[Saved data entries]
(* In the construction below, for every directed path $\langle(u_0,0),(u_1,1),\dots,(u_K,K)\rangle$ in $\mathcal D$ from the root to level $K$, $$\sum_{k=0}^{K-1}\log\big(1/\theta_{(u_k,k)(u_{k+1},k+1)}\big)\le 3\log n.$$ In particular $\Delta_I(\hat{\mathcal D})\le3\log n$.
   Context: Construction. Let $(X,d)$ be a metric space with $n=|X|\ge2$ and $\mathrm{diam}(X)=1$. For $S\subseteq X$, $r\ge0$: $B_X(S,r):=\{x\in X:\exists s\in S,\ d(x,s)\le r\}$ and $B_X(x,r):=B_X(\{x\},r)$. Let $\varepsilon_0:=\min\{d(x,y):x\ne y\}$, $\tau:=12$, $K:=1+\lceil\log_\tau(1/\varepsilon_0)\rceil$. For $\eta>0$ the greedy $\eta$-net is built as: $N_0=\emptyset$; for $j\ge1$, $S_j:=X\setminus B_X(N_{j-1},\eta)$; if $S_j=\emptyset$ output $N_{j-1}$; else pick $x_j\in S_j$ maximizing $|B_X(x,\eta/3)|$ and set $N_j=N_{j-1}\cup\{x_j\}$. For $k=0,\dots,K$ let $U_k$ be the greedy $\tau^{-k}$-net (so $U_0$ is a single point and $U_K=X$). For $k<K$, $A_k$ is the set of pairs $(u,u')\in U_k\times U_{k+1}$ with (i) $d(u,u')\le4\tau^{-k}$ and (ii) $|B_X(u,\tau^{-k}/3)|\ge\max\{|B_X(w,\tau^{-k}/3)|:w\in B_X(u',6\tau^{-(k+1)})\}$. The directed graph $\mathcal D$ has vertex set $\{(u,k):u\in U_k,\ 0\le k\le K\}$, arcs $((u,k),(u',k+1))$ for $(u,u')\in A_k$, root $(u,0)$ with $U_0=\{u\}$, and the vertices $(x,K)$ are identified with $x\in X$. Arc weights: $\omega_{(u,k)(u',k+1)}:=10\tau^{-k}$ and $\theta_{(u,k)(u',k+1)}:=|B_X(u',\tau^{-(k+1)}/3)|\big/\sum_{w:(u,w)\in A_k}|B_X(w,\tau^{-(k+1)}/3)|$. $\hat{\mathcal D}=(\mathcal D,\omega,\theta)$; $\Delta_I(\hat{\mathcal D})$ is the maximum over root-to-level-$K$ paths $\gamma$ of $\log(1/\prod_{a\in\gamma}\theta_a)$. *)

From HB Require Import structures.
From mathcomp Require Import all_boot all_order all_algebra.
From mathcomp Require Import reals exp.
Set Implicit Arguments. Unset Strict Implicit. Unset Printing Implicit Defensive.
Import Order.TTheory GRing.Theory Num.Theory.
Local Open Scope ring_scope.

Section Defs.
Variables (R : realType) (T : finType) (d : T -> T -> R).

Definition is_metric : Prop :=
  [/\ (forall x y, 0 <= d x y),
      (forall x y, d x y = 0 <-> x = y),
      (forall x y, d x y = d y x) &
      (forall x y z, d x z <= d x y + d y z)].

Definition cball (x : T) (r : R) : {set T} := [set y | d x y <= r].

Definition cballS (S : seq T) (r : R) : {set T} :=
  [set y | has (fun s => d s y <= r) S].

(* N = [:: x_1; ...; x_m] is an output of the greedy eta-net procedure,
   for SOME tie-breaking choice at each step:
   each x_j lies outside B(N_{j-1}, eta) and maximizes |B(x, eta/3)| among
   the points outside B(N_{j-1}, eta); the procedure stops when
   B(N, eta) = X. *)
Definition greedy_net (eta : R) (N : seq T) : Prop :=
  (forall N1 x N2, N = N1 ++ x :: N2 ->
     x \notin cballS N1 eta /\
     (forall y, y \notin cballS N1 eta ->
        (#|cball y (eta / 3)| <= #|cball x (eta / 3)|)%N)) /\
  [set: T] \subset cballS N eta.

Definition tau : R := 12%:R.
Definition lev (k : nat) : R := tau ^- k.

Definition arcA (U : nat -> seq T) (k : nat) (u u' : T) : bool :=
  [&& u \in U k, u' \in U k.+1, d u u' <= 4 * lev k &
      [forall w, (w \in cball u' (6 * lev k.+1)) ==>
         (#|cball w (lev k / 3)| <= #|cball u (lev k / 3)|)%N]].

Definition theta (U : nat -> seq T) (k : nat) (u u' : T) : R :=
  (#|cball u' (lev k.+1 / 3)|)%:R /
  (\sum_(w | arcA U k u w) #|cball w (lev k.+1 / 3)|)%:R.

End Defs.

(* K = 1 + ceil(log_tau(1/eps0)) (nonnegative since eps0 <= diam = 1) *)
Definition Kdepth (R : realType) (eps0 : R) : nat :=
  (1 + `|Num.ceil (ln (eps0^-1) / ln (tau R))|)%N.

From HB Require Import structures.
From mathcomp Require Import all_boot all_order all_algebra.
From mathcomp Require Import reals exp lra.
Set Implicit Arguments. Unset Strict Implicit. Unset Printing Implicit Defensive.
Import Order.TTheory GRing.Theory Num.Theory.
Local Open Scope ring_scope.

(* Write [g_j = |B(u_j, tau^-j/3)|] and [M_k] for the denominator of [theta]
   at [u_k], so that [log (1/theta_k) = log M_k - log g_(k+1)]. Balls of radius
   [eta/3] around the points of a greedy [eta]-net are pairwise disjoint, hence
   [M_k <= n]. The children of [u_(k+2)] lie within [4 tau^-(k+2)] of it, so
   their balls are disjoint subsets of [B(u_(k+2), tau^-k/3)], and condition
   (ii) on the arc [(u_k, u_(k+1))] bounds that ball by [g_k]: [M_(k+2) <= g_k].
   The sum then telescopes with step three up to three terms [log n]. *)

Lemma leq_sum_card_disjoint (T : finType) (P : pred T) (B : T -> {set T})
    (S : {set T}) :
  (forall w y, P w -> y \in B w -> y \in S) ->
  (forall w w' y, P w -> P w' -> y \in B w -> y \in B w' -> w = w') ->
  (\sum_(w | P w) #|B w| <= #|S|)%N.
Proof.
move=> subS disjB.
under eq_bigr => w _ do rewrite -sum1_card big_mkcond /=.
rewrite exchange_big /= -sum1_card big_mkcond [X in (_ <= X)%N]big_mkcond /=.
apply: leq_sum => y _.
case: (pickP (fun w => P w && (y \in B w))) => [w0 /andP[Pw0 yw0] | noB].
  rewrite (bigD1 w0) //= yw0 (subS w0 y Pw0 yw0) big1 // => w /andP[Pw ne].
  by case: ifP => // yw; move: ne; rewrite (disjB w w0 y) ?eqxx.
by rewrite big1 // => w Pw; case: ifP => // yw; move: (noB w); rewrite Pw yw.
Qed.

Lemma sum_sub_shift_le (R : realDomainType) (a b : nat -> R) (L : R) (K : nat) :
  (forall k, 0 <= b k <= L) ->
  (forall k, (k < K)%N -> a k <= L) ->
  (forall k, (k.+2 < K)%N -> a k.+2 <= b k) ->
  \sum_(k < K) (a k - b k.+1) <= 3 * L.
Proof.
move=> b_bnd a_le_L a_le_b.
(* [b] shifted by two and padded with [L], so that [a k <= c k] and
   [b k.+1 = c k.+3]. *)
pose c i := if (i < 2)%N then L else b (i - 2)%N.
have c_bnd i : 0 <= c i <= L.
  by rewrite /c; case: ifP => _ //; have /andP[] := b_bnd 0%N => ? ?; lra.
have telescope n : \sum_(k < n) (c k - c k.+3)
    = c 0%N + c 1%N + c 2%N - c n - c n.+1 - c n.+2.
  by elim: n => [|n IH]; rewrite ?big_ord0 ?big_ord_recr /= ?IH; lra.
apply: (@le_trans _ _ (\sum_(k < K) (c k - c k.+3))).
  apply: ler_sum => -[k kK] _ /=; rewrite lerD2r /c /= subn2 /=.
  case: ifP => k2; first exact: a_le_L.
  by case: k k2 kK => [|[|k]] // _; apply: a_le_b.
rewrite telescope.
have := c_bnd 0%N; have := c_bnd 1%N; have := c_bnd 2%N.
have := c_bnd K; have := c_bnd K.+1; have := c_bnd K.+2.
move=> /andP[? ?] /andP[? ?] /andP[? ?] /andP[? ?] /andP[? ?] /andP[? ?]; lra.
Qed.

Lemma ln_inv_ratio_nat (R : realType) (m n : nat) : (0 < m)%N -> (0 < n)%N ->
  ln ((m%:R / n%:R)^-1 : R) = ln n%:R - ln m%:R.
Proof.
move=> m_gt0 n_gt0.
have m_pos : (m%:R : R) \is Num.pos by rewrite posrE ltr0n.
have n_pos : (n%:R : R) \is Num.pos by rewrite posrE ltr0n.
have mV_pos : (m%:R : R)^-1 \is Num.pos by rewrite posrE invr_gt0 -posrE.
by rewrite invf_div (lnM n_pos mV_pos) (lnV m_pos).
Qed.

Lemma ln_le_nat (R : realType) (m n : nat) : (0 < m)%N -> (m <= n)%N ->
  ln (m%:R : R) <= ln n%:R.
Proof.
move=> m_gt0 mn; rewrite ler_ln ?ler_nat // posrE ltr0n //.
exact: leq_trans mn.
Qed.

Lemma levS (R : realType) k : lev R k.+1 = lev R k / 12%:R.
Proof. by rewrite /lev /tau exprS invfM mulrC. Qed.

Lemma lev_gt0 (R : realType) k : 0 < lev R k.
Proof. by rewrite /lev invr_gt0 exprn_gt0 // /tau ltr0n. Qed.

Section GreedyNets.
Variables (R : realType) (T : finType) (d : T -> T -> R).
Hypothesis d_metric : is_metric d.

Lemma cball_card_gt0 x r : 0 <= r -> (0 < #|cball d x r|)%N.
Proof.
have [_ d0 _ _] := d_metric.
by move=> r_ge0; apply/card_gt0P; exists x; rewrite inE (proj2 (d0 x x)).
Qed.

Lemma greedy_net_sep eta N w w' : greedy_net d eta N ->
  w \in N -> w' \in N -> w != w' -> eta < d w w'.
Proof.
have [_ _ dC _] := d_metric; move=> [greedy _].
have far_from_prefix a b p1 p2 : N = p1 ++ b :: p2 -> a \in p1 -> eta < d a b.
  move=> Np ap1; have [b_out _] := greedy _ _ _ Np.
  by move: b_out; rewrite inE => /hasPn /(_ a ap1); rewrite ltNge.
move=> wN w'N ww'; case/splitPr Np: {1}N / w'N => [p1 p2].
move: wN; rewrite Np mem_cat in_cons (negbTE ww') /= => /orP[wp1 | wp2].
  exact: (far_from_prefix w w' p1 p2).
case/splitPr p2q: {1}p2 / wp2 => [q1 q2]; rewrite dC.
apply: (far_from_prefix w' w (p1 ++ w' :: q1) q2); first by rewrite Np p2q -catA.
by rewrite mem_cat in_cons eqxx orbT.
Qed.

Lemma greedy_net_cball_inj eta N w w' y : greedy_net d eta N ->
  w \in N -> w' \in N ->
  y \in cball d w (eta / 3) -> y \in cball d w' (eta / 3) -> w = w'.
Proof.
have [d_ge0 _ dC dtri] := d_metric.
move=> net wN w'N; rewrite !inE => wy w'y; apply/eqP/negPn/negP => ww'.
have := greedy_net_sep net wN w'N ww'; have := d_ge0 w y.
have := dtri w y w'; rewrite (dC y w'); lra.
Qed.

Variable U : nat -> seq T.

Definition child_mass (k : nat) (v : T) : nat :=
  \sum_(w | arcA d U k v w) #|cball d w (lev R k.+1 / 3)|.

Lemma leq_card_child_mass k v w : arcA d U k v w ->
  (#|cball d w (lev R k.+1 / 3)| <= child_mass k v)%N.
Proof. by move=> vw; rewrite /child_mass (bigD1 w) //= leq_addr. Qed.

Lemma child_balls_inj k v w w' y :
  greedy_net d (lev R k.+1) (U k.+1) -> arcA d U k v w -> arcA d U k v w' ->
  y \in cball d w (lev R k.+1 / 3) -> y \in cball d w' (lev R k.+1 / 3) ->
  w = w'.
Proof.
move=> net /and4P[_ wU _ _] /and4P[_ w'U _ _].
exact: greedy_net_cball_inj net wU w'U.
Qed.

Lemma child_mass_le_card k v : greedy_net d (lev R k.+1) (U k.+1) ->
  (child_mass k v <= #|T|)%N.
Proof.
move=> net; rewrite -cardsT; apply: leq_sum_card_disjoint => // w w' y.
exact: child_balls_inj.
Qed.

Lemma child_mass_le_cball k v : greedy_net d (lev R k.+3) (U k.+3) ->
  (child_mass k.+2 v <= #|cball d v (lev R k / 3)|)%N.
Proof.
have [_ _ _ dtri] := d_metric.
move=> net; apply: leq_sum_card_disjoint; last first.
  by move=> w w' y; exact: child_balls_inj.
move=> w y /and4P[_ _ vw _]; rewrite !inE => wy.
have := dtri v w y; move: vw wy; rewrite !levS; have := lev_gt0 R k; lra.
Qed.

Lemma arcA_cball_card_le k v0 v1 v2 :
  arcA d U k v0 v1 -> arcA d U k.+1 v1 v2 ->
  (#|cball d v2 (lev R k / 3)| <= #|cball d v0 (lev R k / 3)|)%N.
Proof.
move=> /and4P[_ _ _ /forallP /(_ v2) /implyP heavier] /and4P[_ _ v12 _].
apply: heavier; rewrite inE; have := lev_gt0 R k.+1; lra.
Qed.

End GreedyNets.

Theorem lemma3p5 (R : realType) (T : finType) (d : T -> T -> R) (eps0 : R)
    (U : nat -> seq T) (u : nat -> T) :
  is_metric d ->
  (2 <= #|T|)%N ->
  (* diam(X) = 1 *)
  (forall x y, d x y <= 1) -> (exists x y, d x y = 1) ->
  (* eps0 = min distance between distinct points *)
  (forall x y, x != y -> eps0 <= d x y) ->
  (exists x y, x != y /\ d x y = eps0) ->
  (* U k is a greedy tau^{-k}-net, k = 0..K *)
  (forall k, (k <= Kdepth eps0)%N -> greedy_net d (lev R k) (U k)) ->
  (* <(u 0,0),...,(u K,K)> is a directed path in D from the root *)
  (forall k, (k < Kdepth eps0)%N -> arcA d U k (u k) (u k.+1)) ->
  \sum_(k < Kdepth eps0) ln ((theta d U k (u k) (u k.+1))^-1)
    <= 3 * ln (#|T|%:R : R).
Proof.
move=> d_metric _ _ _ _ _ net path; set K := Kdepth eps0.
pose g j := #|cball d (u j) (lev R j / 3)|.
have g_gt0 j : (0 < g j)%N.
  by apply: cball_card_gt0 => //; rewrite divr_ge0 ?ltW ?lev_gt0.
have mass_gt0 k : (k < K)%N -> (0 < child_mass d U k (u k))%N.
  by move=> kK; apply: leq_trans (g_gt0 k.+1) (leq_card_child_mass (path k kK)).
rewrite (eq_bigr (fun k : 'I_K =>
    ln (child_mass d U k (u k))%:R - ln (g k.+1)%:R)); last first.
  by move=> -[k kK] _; rewrite -ln_inv_ratio_nat ?mass_gt0.
apply: (sum_sub_shift_le (a := fun k => ln (child_mass d U k (u k))%:R)
                         (b := fun j => ln (g j)%:R)) => [j | k kK | k kK].
- by rewrite ln_ge0 ?ler1n ?ln_le_nat ?max_card.
- apply: ln_le_nat; first exact: mass_gt0.
  by apply: child_mass_le_card => //; exact: net.
- apply: ln_le_nat; first exact: mass_gt0.
  apply: leq_trans (child_mass_le_cball d_metric (u k.+2) (net k.+3 kK)) _.
  rewrite /g; apply: arcA_cball_card_le; apply: path.
  + exact: ltnW (ltnW kK).
  + exact: ltnW kK.
Qed.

EXERCISE INSTRUCTIONS: Using the records above, restate word for word the lines from the one with "have [_ _ dC" through the one with "arcA d U k v0 v1 -> arcA d U k.+1 v1 v2 ->", both included.

SOLUTION TO THIS TASK:
have [_ _ dC _] := d_metric; move=> [greedy _].
have far_from_prefix a b p1 p2 : N = p1 ++ b :: p2 -> a \in p1 -> eta < d a b.
  move=> Np ap1; have [b_out _] := greedy _ _ _ Np.
  by move: b_out; rewrite inE => /hasPn /(_ a ap1); rewrite ltNge.
move=> wN w'N ww'; case/splitPr Np: {1}N / w'N => [p1 p2].
move: wN; rewrite Np mem_cat in_cons (negbTE ww') /= => /orP[wp1 | wp2].
  exact: (far_from_prefix w w' p1 p2).
case/splitPr p2q: {1}p2 / wp2 => [q1 q2]; rewrite dC.
apply: (far_from_prefix w' w (p1 ++ w' :: q1) q2); first by rewrite Np p2q -catA.
by rewrite mem_cat in_cons eqxx orbT.
Qed.

Lemma greedy_net_cball_inj eta N w w' y : greedy_net d eta N ->
  w \in N -> w' \in N ->
  y \in cball d w (eta / 3) -> y \in cball d w' (eta / 3) -> w = w'.
Proof.
have [d_ge0 _ dC dtri] := d_metric.
move=> net wN w'N; rewrite !inE => wy w'y; apply/eqP/negPn/negP => ww'.
have := greedy_net_sep net wN w'N ww'; have := d_ge0 w y.
have := dtri w y w'; rewrite (dC y w'); lra.
Qed.

Variable U : nat -> seq T.

Definition child_mass (k : nat) (v : T) : nat :=
  \sum_(w | arcA d U k v w) #|cball d w (lev R k.+1 / 3)|.

Lemma leq_card_child_mass k v w : arcA d U k v w ->
  (#|cball d w (lev R k.+1 / 3)| <= child_mass k v)%N.
Proof. by move=> vw; rewrite /child_mass (bigD1 w) //= leq_addr. Qed.

Lemma child_balls_inj k v w w' y :
  greedy_net d (lev R k.+1) (U k.+1) -> arcA d U k v w -> arcA d U k v w' ->
  y \in cball d w (lev R k.+1 / 3) -> y \in cball d w' (lev R k.+1 / 3) ->
  w = w'.
Proof.
move=> net /and4P[_ wU _ _] /and4P[_ w'U _ _].
exact: greedy_net_cball_inj net wU w'U.
Qed.

Lemma child_mass_le_card k v : greedy_net d (lev R k.+1) (U k.+1) ->
  (child_mass k v <= #|T|)%N.
Proof.
move=> net; rewrite -cardsT; apply: leq_sum_card_disjoint => // w w' y.
exact: child_balls_inj.
Qed.

Lemma child_mass_le_cball k v : greedy_net d (lev R k.+3) (U k.+3) ->
  (child_mass k.+2 v <= #|cball d v (lev R k / 3)|)%N.
Proof.
have [_ _ _ dtri] := d_metric.
move=> net; apply: leq_sum_card_disjoint; last first.
  by move=> w w' y; exact: child_balls_inj.
move=> w y /and4P[_ _ vw _]; rewrite !inE => wy.
have := dtri v w y; move: vw wy; rewrite !levS; have := lev_gt0 R k; lra.
Qed.

Lemma arcA_cball_card_le k v0 v1 v2 :
  arcA d U k v0 v1 -> arcA d U k.+1 v1 v2 ->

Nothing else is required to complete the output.